The elements in X are assumed to be categorical in nature.}

\item{elements}{All potential elements (symbols) that can appear in the sets. If there are
some elements that are not of interest, they can be excluded so they are not
taken into account by these kernels. (Defaults: LETTERS).}

\item{comp}{When \emph{D}>1, this argument indicates how the variables
of the dataset are combined. Options are: "mean", "sum" and "weighted". (Defaults: "mean")
\itemize{
  \item "sum" gives the same importance to all variables, and returns an
  unnormalized kernel matrix.
  \item "mean" gives the same importance to all variables, and returns a
  normalized kernel matrix (all its elements range between 0 and 1).
  \item "weighted" weights each variable according to the `coeff` parameter, and returns a
  normalized kernel matrix.
}}

\item{coeff}{(optional) A vector of weights with length \emph{D}.}

\item{feat_space}{(not available for the Jaccard kernel). If FALSE, only the
kernel matrix is returned. Otherwise, the feature space is returned too. (Defaults: FALSE).}
}
\value{
Kernel matrix (dimension: \emph{NxN}), or a list with the kernel matrix and the
feature space.
}
\description{
`Intersect()` or `Jaccard()` compute the kernel functions of the same name,
which are useful for set data. Their input is a matrix or data.frame with
dimension \emph{NxD}, where \emph{N}>1, \emph{D}>0. Samples should be in the
rows and features in the columns. When there is a single feature,
`Jaccard()` returns 1 if the elements of the set are exactly the same in
two given samples, and 0 if they are completely different (see Details). Instead,
in the multivariate case (\emph{D}>1), the results (for both `Intersect()` and
`Jaccard()`) of the \emph{D} features are combined with a sum, a mean, or a
weighted mean.
}
\details{
Let \eqn{A,B} be two sets. Then, the Intersect
kernel is defined as:

\deqn{K_{Intersect}(A,B)=|A \cap B| }

And the Jaccard kernel is defined as:

\deqn{K_{Jaccard}(A,B)=|A \cap B| / |A \cup B|}

This specific implementation of the Intersect and Jaccard kernels expects
that the set members (elements) are character symbols (length=1). In case the
set data is multivariate (\emph{D}>1 columns, and each one contains a set feature),
elements for the \emph{D} sets should come from the same domain (universe).
For instance, a dataset with two variables, so the elements
in the first one are colors c("green","black","white","red") and the second are names
c("Anna","Elsa","Maria") is not allowed. In that case, set factors should be recoded
to colors c("g","b","w","r") and names c("A","E","M") and, if necessary, 'Intersect()'
(or `Jaccard()`) should be called twice.
}
\examples{
# Sets data
## Generating a dataset with sets containing uppercase letters
random_set <- function(x)paste(sort(sample(LETTERS,x,FALSE)),sep="",collapse = "")
max_setsize <- 4
setsdata <- matrix(replicate(20,random_set(sample(2:max_setsize,1))),nrow=4,ncol=5)

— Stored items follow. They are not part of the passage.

(* In it, the cylinder of depth [n] is the least neighbourhood of a point. *)
Lemma finite_alg_inK (sigma : signature) (n : nat) : inK sigma (finite_alg n).
Proof.
  apply inK_of_least_nbhds. intro p.
  exists (exist _ (cylinder p n) (cylinder_det p n)). split; [apply cylinder_self|].
  intros s Hs x Hx. rewrite <- Hs. symmetry. apply (proj2_sig s).
  exact (proj1 (truth_spec _) Hx).
Qed.

Lemma det_clopen (n : nat) (S : cantor -> bool) : det n S -> clopen S.
Proof. intro H. exists n. exact H. Qed.

(* K is not closed under directed unions: the clopen algebra is the union of
   the chain of finite algebras. *)
Lemma not_closed_dunion (sigma : signature) (Hres : sigma ORes = true) :
  ~ K_closed_dunion sigma.
Proof.
  intro H. apply (clopen_alg_not_inK sigma Hres).
  apply (H nat finite_alg clopen_alg (fun n => inclusion (det_clopen n))).
  - constructor. exact 0.
  - intro n. split; [apply inclusion_injective | apply inclusion_hom].
  - intros i j. exists (max i j). split; intro a.
    + exists (exist _ (proj1_sig a) (det_mono i _ _ (Nat.le_max_l i j) (proj2_sig a))).
      apply member_ext. reflexivity.
    + exists (exist _ (proj1_sig a) (det_mono j _ _ (Nat.le_max_r i j) (proj2_sig a))).
      apply member_ext. reflexivity.
  - intros [S [n Hn]]. exists n, (exist _ S Hn). apply member_ext. reflexivity.
  - intro n. apply finite_alg_inK.
Qed.

Definition nowhere_dense (S : cantor -> bool) : Prop :=
  forall p n, exists q m, forall y, agree m q y -> agree n p y /\ S y = false.

Lemma nwd_subset (S T : cantor -> bool) :
  (forall x, S x = true -> T x = true) -> nowhere_dense T -> nowhere_dense S.
Proof.
  intros Hsub HT p n. destruct (HT p n) as [q [m Hqm]]. exists q, m.
  intros y Hy. destruct (Hqm y Hy) as [Hpy Ty]. split; [exact Hpy|].
  destruct (S y) eqn:E; [rewrite (Hsub y E) in Ty; discriminate | reflexivity].
Qed.

Lemma nwd_empty : nowhere_dense (fun _ => false).
Proof. intros p n. exists p, n. intros y Hy. split; [exact Hy | reflexivity]. Qed.

Lemma nwd_union (S T : cantor -> bool) :
  nowhere_dense S -> nowhere_dense T -> nowhere_dense (fun x => S x || T x).
Proof.
  intros HS HT p n. destruct (HS p n) as [q1 [m1 H1]].
  destruct (HT q1 m1) as [q2 [m2 H2]]. exists q2, m2. intros y Hy.
  destruct (H2 y Hy) as [Hq1y Ty]. destruct (H1 y Hq1y) as [Hpy Sy].
  split; [exact Hpy|]. rewrite Sy, Ty. reflexivity.
Qed.

Lemma nwd_singleton (p0 : cantor) : nowhere_dense (singleton p0).
Proof.
  intros p n. exists (fun k => if Nat.ltb k n then p k else negb (p0 k)), (S n).
  intros y Hy. split.
  - intros k Hk. rewrite <- Hy by lia. cbv beta. apply Nat.ltb_lt in Hk. rewrite Hk.
    reflexivity.
  - apply not_true_iff_false. intro E. apply singleton_eq in E. subst y.
    specialize (Hy n (Nat.lt_succ_diag_r n)). cbv beta in Hy.
    rewrite Nat.ltb_irrefl in Hy.
    destruct (p0 n); discriminate.
Qed.

(* Two clopen sets differing by a nowhere dense set are equal: a subcylinder
   near any point, fine enough for both sets, misses their difference. *)
Lemma clopen_nwd_eq (D1 D2 : cantor -> bool) :
  clopen D1 -> clopen D2 -> nowhere_dense (fun x => xorb (D1 x) (D2 x)) ->
  forall x, D1 x = D2 x.
Proof.
  intros [n1 H1] [n2 H2] N x. destruct (N x (max n1 n2)) as [q [m Hqm]].
  destruct (Hqm q (fun k _ => eq_refl)) as [Hxq Dq].
  rewrite (H1 x q), (H2 x q) by (intros k Hk; apply Hxq; lia).
  destruct (D1 q), (D2 q); simpl in Dq; congruence.
Qed.

Definition clopen_approx (S D : cantor -> bool) : Prop :=
  clopen D /\ nowhere_dense (fun x => xorb (S x) (D x)).

Lemma clopen_approx_combine (g : bool -> bool -> bool) (a b Da Db : cantor -> bool) :
  clopen_approx a Da -> clopen_approx b Db ->
  clopen_approx (fun x => g (a x) (b x)) (fun x => g (Da x) (Db x)).
Proof.
  intros [Ca Na] [Cb Nb]. split; [apply clopen_closed; assumption|].
  refine (nwd_subset _ _ _ (nwd_union _ _ Na Nb)). intros x Hx. cbv beta in *.
  destruct (a x), (Da x), (b x), (Db x); simpl; try reflexivity;
    rewrite xorb_nilpotent in Hx; discriminate.
Qed.

Lemma clopen_approx_unique (S D1 D2 : cantor -> bool) :
  clopen_approx S D1 -> clopen_approx S D2 -> forall x, D1 x = D2 x.
Proof.
  intros [C1 N1] [C2 N2]. apply clopen_nwd_eq; [exact C1 | exact C2|].
  refine (nwd_subset _ _ _ (nwd_union _ _ N1 N2)). intros x Hx. cbv beta in *.
  destruct (S x), (D1 x), (D2 x); simpl in *; congruence.
Qed.

Lemma clopen_approx_self (D : cantor -> bool) : clopen D -> clopen_approx D D.
Proof.
  intro HD. split; [exact HD|].
  refine (nwd_subset _ _ _ nwd_empty). intros x Hx.
  rewrite xorb_nilpotent in Hx. exact Hx.
Qed.

Definition almost_clopen (S : cantor -> bool) : Prop := exists D, clopen_approx S D.

Lemma almost_clopen_closed : bool_closed almost_clopen.
Proof.
  intros g a b [Da Ha] [Db Hb]. eexists. exact (clopen_approx_combine g _ _ _ _ Ha Hb).
Qed.

Definition almost_clopen_alg : alg := field_of_sets almost_clopen_closed.

(* It contains all singletons, hence is in K. *)
Lemma almost_clopen_alg_inK (sigma : signature) : inK sigma almost_clopen_alg.
Proof.
  apply inK_of_least_nbhds, singletons_least_nbhds. intro p.
  exists (fun _ => false). split; [exists 0; intros x y _; reflexivity|].
  refine (nwd_subset _ _ _ (nwd_singleton p)). intros x Hx.
  rewrite xorb_false_r in Hx. exact Hx.
Qed.

Definition clopen_part (s : member almost_clopen) : cantor -> bool :=
  proj1_sig (constructive_indefinite_description _ (proj2_sig s)).

Lemma clopen_part_spec (s : member almost_clopen) :
  clopen_approx (proj1_sig s) (clopen_part s).
Proof. exact (proj2_sig (constructive_indefinite_description _ (proj2_sig s))). Qed.

Definition quotient (s : member almost_clopen) : member clopen :=
  exist _ (clopen_part s) (proj1 (clopen_part_spec s)).

Lemma quotient_surjective (b : member clopen) : exists a, quotient a = b.
Proof.
  pose proof (clopen_approx_self _ (proj2_sig b)) as Hb.
  set (a := exist almost_clopen (proj1_sig b) (ex_intro _ _ Hb)).
  exists a. apply member_ext.
  exact (clopen_approx_unique _ _ _ (clopen_part_spec a) Hb).
Qed.

Lemma quotient_hom (sigma : signature) :
  sigma_hom sigma almost_clopen_alg clopen_alg quotient.
Proof.
  apply boolean_map_hom. intros g a b.
  apply (clopen_approx_unique (proj1_sig (lift2 almost_clopen_closed g a b)) _
           (fun y => g (clopen_part a y) (clopen_part b y))).
  - apply clopen_part_spec.
  - exact (clopen_approx_combine g _ _ _ _ (clopen_part_spec a) (clopen_part_spec b)).
Qed.

Lemma not_closed_himg (sigma : signature) (Hres : sigma ORes = true) :
  ~ K_closed_himg sigma.
Proof.
  intro H. apply (clopen_alg_not_inK sigma Hres).
  apply (H almost_clopen_alg clopen_alg quotient quotient_surjective).
  - apply quotient_hom.
  - apply almost_clopen_alg_inK.
Qed.

Ltac split_andb :=
  repeat match goal with
         | H : _ && _ = true |- _ => apply andb_prop in H; destruct H
         end.

Lemma eval_hom (sigma : signature) (A B : alg) (f : car A -> car B) :
  sigma_hom sigma A B f -> forall env t, term_ok sigma t = true ->
  f (eval A env t) = eval B (fun m => f (env m)) t.
Proof.
  intros [Hr [Hc [Hm [Hu [Hp [Hd Ha]]]]]] env t.
  induction t; cbn; intro Hok; split_andb;
    [reflexivity | rewrite Hr | rewrite Hc | rewrite Hm | rewrite Hu | rewrite Hp
    | rewrite Hd | rewrite Ha]; auto; f_equal; auto.
Qed.

Lemma upd_env_map (T T' : Type) (f : T -> T') (env : nat -> T) (n : nat) (a : T) :
  (fun m => f (upd_env env n a m)) = upd_env (fun m => f (env m)) n (f a).
Proof.
  apply functional_extensionality. intro m. unfold upd_env. destruct (Nat.eqb m n); reflexivity.
Qed.

Lemma positive_preserved (sigma : signature) (A B : alg) (f : car A -> car B) :
  sigma_hom sigma A B f -> (forall b, exists a, f a = b) ->
  forall p, positive p -> formula_ok sigma p = true ->
  forall env, sat A env p -> sat B (fun m => f (env m)) p.
Proof.
  intros Hh Hsurj p Hp. induction Hp; cbn; intros Hok env H; split_andb.
  - exact I.
  - exact H.
  - rewrite <- !(eval_hom sigma A B f Hh) by assumption. rewrite H. reflexivity.
  - destruct H; split; auto.
  - destruct H; [left | right]; auto.
  - intro b. destruct (Hsurj b) as [a <-]. rewrite <- upd_env_map. auto.
  - destruct H as [a Ha]. exists (f a). rewrite <- upd_env_map. auto.
Qed.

## Computing the Intersect kernel:
Intersect(setsdata,elements=LETTERS,comp="sum")

## Computing the Jaccard kernel weighting the variables:
coeffs <- c(0.1,0.15,0.15,0.4,0.20)
Jaccard(setsdata,elements=LETTERS,comp="weighted",coeff=coeffs)
}
\references{
Bouchard, M., Jousselme, A. L., and Doré, P. E. (2013).
A proof for the positive definiteness of the Jaccard index matrix.
International Journal of Approximate Reasoning, 54(5), 615-626.

Ruiz, F., Angulo, C., and Agell, N. (2008).
Intersection and Signed-Intersection Kernels for Intervals.
Frontiers in Artificial Intelligence and Applications. 184. 262-270.
doi: 10.3233/978-1-58603-925-7-262.
}